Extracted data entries
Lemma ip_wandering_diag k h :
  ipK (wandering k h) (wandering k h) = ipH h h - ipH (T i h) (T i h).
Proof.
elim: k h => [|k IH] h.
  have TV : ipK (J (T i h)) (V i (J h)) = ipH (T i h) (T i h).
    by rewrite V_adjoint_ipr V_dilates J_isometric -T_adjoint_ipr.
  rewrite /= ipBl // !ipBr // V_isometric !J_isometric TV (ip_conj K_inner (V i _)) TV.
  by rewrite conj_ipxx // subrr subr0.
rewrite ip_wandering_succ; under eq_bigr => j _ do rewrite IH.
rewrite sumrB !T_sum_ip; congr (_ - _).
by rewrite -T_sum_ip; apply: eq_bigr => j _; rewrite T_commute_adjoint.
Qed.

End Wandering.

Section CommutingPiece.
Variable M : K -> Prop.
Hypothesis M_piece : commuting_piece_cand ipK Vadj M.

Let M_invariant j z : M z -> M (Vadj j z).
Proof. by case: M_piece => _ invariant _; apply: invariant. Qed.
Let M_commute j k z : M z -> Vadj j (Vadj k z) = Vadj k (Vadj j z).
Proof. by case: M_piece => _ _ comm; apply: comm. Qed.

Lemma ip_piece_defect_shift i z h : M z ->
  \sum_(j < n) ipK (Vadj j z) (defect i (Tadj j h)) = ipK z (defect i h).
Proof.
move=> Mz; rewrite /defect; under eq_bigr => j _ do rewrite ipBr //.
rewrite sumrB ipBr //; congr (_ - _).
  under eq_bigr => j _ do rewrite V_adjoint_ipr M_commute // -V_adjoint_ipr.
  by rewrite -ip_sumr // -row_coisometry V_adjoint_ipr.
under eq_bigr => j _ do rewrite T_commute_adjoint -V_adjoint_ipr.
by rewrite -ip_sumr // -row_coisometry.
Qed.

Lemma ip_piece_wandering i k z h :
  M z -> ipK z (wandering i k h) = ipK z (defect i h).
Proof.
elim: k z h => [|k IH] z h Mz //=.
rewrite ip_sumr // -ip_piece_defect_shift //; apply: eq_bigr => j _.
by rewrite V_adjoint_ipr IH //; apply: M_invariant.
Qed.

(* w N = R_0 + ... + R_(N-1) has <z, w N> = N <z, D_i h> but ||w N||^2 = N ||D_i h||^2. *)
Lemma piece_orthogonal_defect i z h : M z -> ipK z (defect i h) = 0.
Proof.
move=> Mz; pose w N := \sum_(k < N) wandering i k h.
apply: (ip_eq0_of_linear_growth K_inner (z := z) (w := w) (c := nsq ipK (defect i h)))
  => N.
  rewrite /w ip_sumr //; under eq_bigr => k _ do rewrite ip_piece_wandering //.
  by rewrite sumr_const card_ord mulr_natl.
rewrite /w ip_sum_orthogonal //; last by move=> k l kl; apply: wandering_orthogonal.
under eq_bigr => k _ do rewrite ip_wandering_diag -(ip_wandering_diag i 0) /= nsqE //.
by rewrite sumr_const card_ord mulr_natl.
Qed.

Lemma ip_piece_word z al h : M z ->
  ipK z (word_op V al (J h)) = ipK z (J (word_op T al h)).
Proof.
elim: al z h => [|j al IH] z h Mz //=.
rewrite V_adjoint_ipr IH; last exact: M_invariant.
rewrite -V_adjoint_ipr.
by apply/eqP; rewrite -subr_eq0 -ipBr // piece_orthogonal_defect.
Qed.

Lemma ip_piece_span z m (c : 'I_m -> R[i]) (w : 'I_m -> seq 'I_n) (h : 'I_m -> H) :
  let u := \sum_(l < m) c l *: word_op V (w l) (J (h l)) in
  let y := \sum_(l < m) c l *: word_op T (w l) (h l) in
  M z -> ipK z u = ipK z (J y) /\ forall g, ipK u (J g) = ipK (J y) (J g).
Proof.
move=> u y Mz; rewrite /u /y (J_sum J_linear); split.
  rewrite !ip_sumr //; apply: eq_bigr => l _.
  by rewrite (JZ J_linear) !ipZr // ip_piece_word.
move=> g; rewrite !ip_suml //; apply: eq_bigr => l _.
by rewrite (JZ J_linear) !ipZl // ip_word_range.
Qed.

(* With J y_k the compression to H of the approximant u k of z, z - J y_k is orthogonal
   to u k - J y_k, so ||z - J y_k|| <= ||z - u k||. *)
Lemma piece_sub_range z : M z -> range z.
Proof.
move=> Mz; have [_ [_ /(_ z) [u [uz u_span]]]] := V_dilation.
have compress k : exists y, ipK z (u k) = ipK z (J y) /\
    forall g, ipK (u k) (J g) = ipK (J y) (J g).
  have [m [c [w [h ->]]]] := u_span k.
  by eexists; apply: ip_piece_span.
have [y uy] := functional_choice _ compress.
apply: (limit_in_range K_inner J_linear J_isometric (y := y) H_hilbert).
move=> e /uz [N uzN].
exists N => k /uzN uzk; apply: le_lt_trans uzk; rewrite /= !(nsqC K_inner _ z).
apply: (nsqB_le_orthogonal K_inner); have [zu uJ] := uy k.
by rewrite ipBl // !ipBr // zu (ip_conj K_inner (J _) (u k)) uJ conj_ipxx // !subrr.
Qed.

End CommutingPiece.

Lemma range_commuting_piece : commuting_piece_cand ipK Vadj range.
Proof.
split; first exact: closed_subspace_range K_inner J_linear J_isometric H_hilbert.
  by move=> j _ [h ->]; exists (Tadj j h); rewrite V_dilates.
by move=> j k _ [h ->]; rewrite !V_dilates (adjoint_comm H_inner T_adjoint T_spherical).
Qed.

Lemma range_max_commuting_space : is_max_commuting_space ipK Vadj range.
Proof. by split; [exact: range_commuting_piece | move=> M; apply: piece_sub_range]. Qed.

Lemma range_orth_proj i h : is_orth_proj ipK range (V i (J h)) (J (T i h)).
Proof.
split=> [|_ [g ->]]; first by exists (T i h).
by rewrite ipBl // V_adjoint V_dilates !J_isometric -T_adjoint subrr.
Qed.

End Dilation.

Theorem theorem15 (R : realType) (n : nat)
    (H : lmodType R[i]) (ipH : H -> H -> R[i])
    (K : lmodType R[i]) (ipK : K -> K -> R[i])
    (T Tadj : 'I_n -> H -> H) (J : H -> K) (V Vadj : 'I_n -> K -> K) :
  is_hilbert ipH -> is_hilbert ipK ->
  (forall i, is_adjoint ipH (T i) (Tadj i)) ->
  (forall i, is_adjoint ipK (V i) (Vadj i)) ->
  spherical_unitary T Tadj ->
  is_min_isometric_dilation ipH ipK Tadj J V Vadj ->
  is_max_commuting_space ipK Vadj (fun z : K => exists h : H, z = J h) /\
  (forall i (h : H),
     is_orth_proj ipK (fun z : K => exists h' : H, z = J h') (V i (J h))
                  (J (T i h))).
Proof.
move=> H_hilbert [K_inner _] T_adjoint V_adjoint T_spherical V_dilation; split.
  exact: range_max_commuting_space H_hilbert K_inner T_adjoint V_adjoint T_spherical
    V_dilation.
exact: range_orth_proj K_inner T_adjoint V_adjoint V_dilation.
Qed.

...

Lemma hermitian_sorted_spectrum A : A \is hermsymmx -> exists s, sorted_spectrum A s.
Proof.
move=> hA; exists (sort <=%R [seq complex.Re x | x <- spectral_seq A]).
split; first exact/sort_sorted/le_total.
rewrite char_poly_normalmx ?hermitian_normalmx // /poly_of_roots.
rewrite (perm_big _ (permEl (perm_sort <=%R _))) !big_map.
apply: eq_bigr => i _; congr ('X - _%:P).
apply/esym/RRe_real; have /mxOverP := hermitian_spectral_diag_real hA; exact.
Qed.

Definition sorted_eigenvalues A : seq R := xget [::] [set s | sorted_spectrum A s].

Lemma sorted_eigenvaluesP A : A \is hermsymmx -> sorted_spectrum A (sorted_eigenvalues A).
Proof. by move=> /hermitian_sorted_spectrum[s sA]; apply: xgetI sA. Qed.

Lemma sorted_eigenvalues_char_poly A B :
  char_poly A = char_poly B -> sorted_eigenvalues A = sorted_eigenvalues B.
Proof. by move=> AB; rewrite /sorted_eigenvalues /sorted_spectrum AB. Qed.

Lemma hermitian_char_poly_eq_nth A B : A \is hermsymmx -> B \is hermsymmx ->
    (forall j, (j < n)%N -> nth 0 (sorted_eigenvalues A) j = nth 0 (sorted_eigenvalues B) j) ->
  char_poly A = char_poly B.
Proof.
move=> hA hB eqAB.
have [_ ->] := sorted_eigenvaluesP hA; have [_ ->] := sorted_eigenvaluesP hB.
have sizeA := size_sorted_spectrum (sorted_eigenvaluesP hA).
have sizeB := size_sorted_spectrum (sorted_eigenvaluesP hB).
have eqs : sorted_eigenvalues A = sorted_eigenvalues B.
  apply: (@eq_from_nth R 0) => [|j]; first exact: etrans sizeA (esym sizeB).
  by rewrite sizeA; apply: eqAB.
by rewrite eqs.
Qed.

● Exercise brief: In the records above, find each line with the string "ipBr" and list it.

● Response for this exercise:
  rewrite /= ipBl // !ipBr // V_isometric !J_isometric TV (ip_conj K_inner (V i _)) TV.
move=> Mz; rewrite /defect; under eq_bigr => j _ do rewrite ipBr //.
rewrite sumrB ipBr //; congr (_ - _).
by apply/eqP; rewrite -subr_eq0 -ipBr // piece_orthogonal_defect.
by rewrite ipBl // !ipBr // zu (ip_conj K_inner (J _) (u k)) uJ conj_ipxx // !subrr.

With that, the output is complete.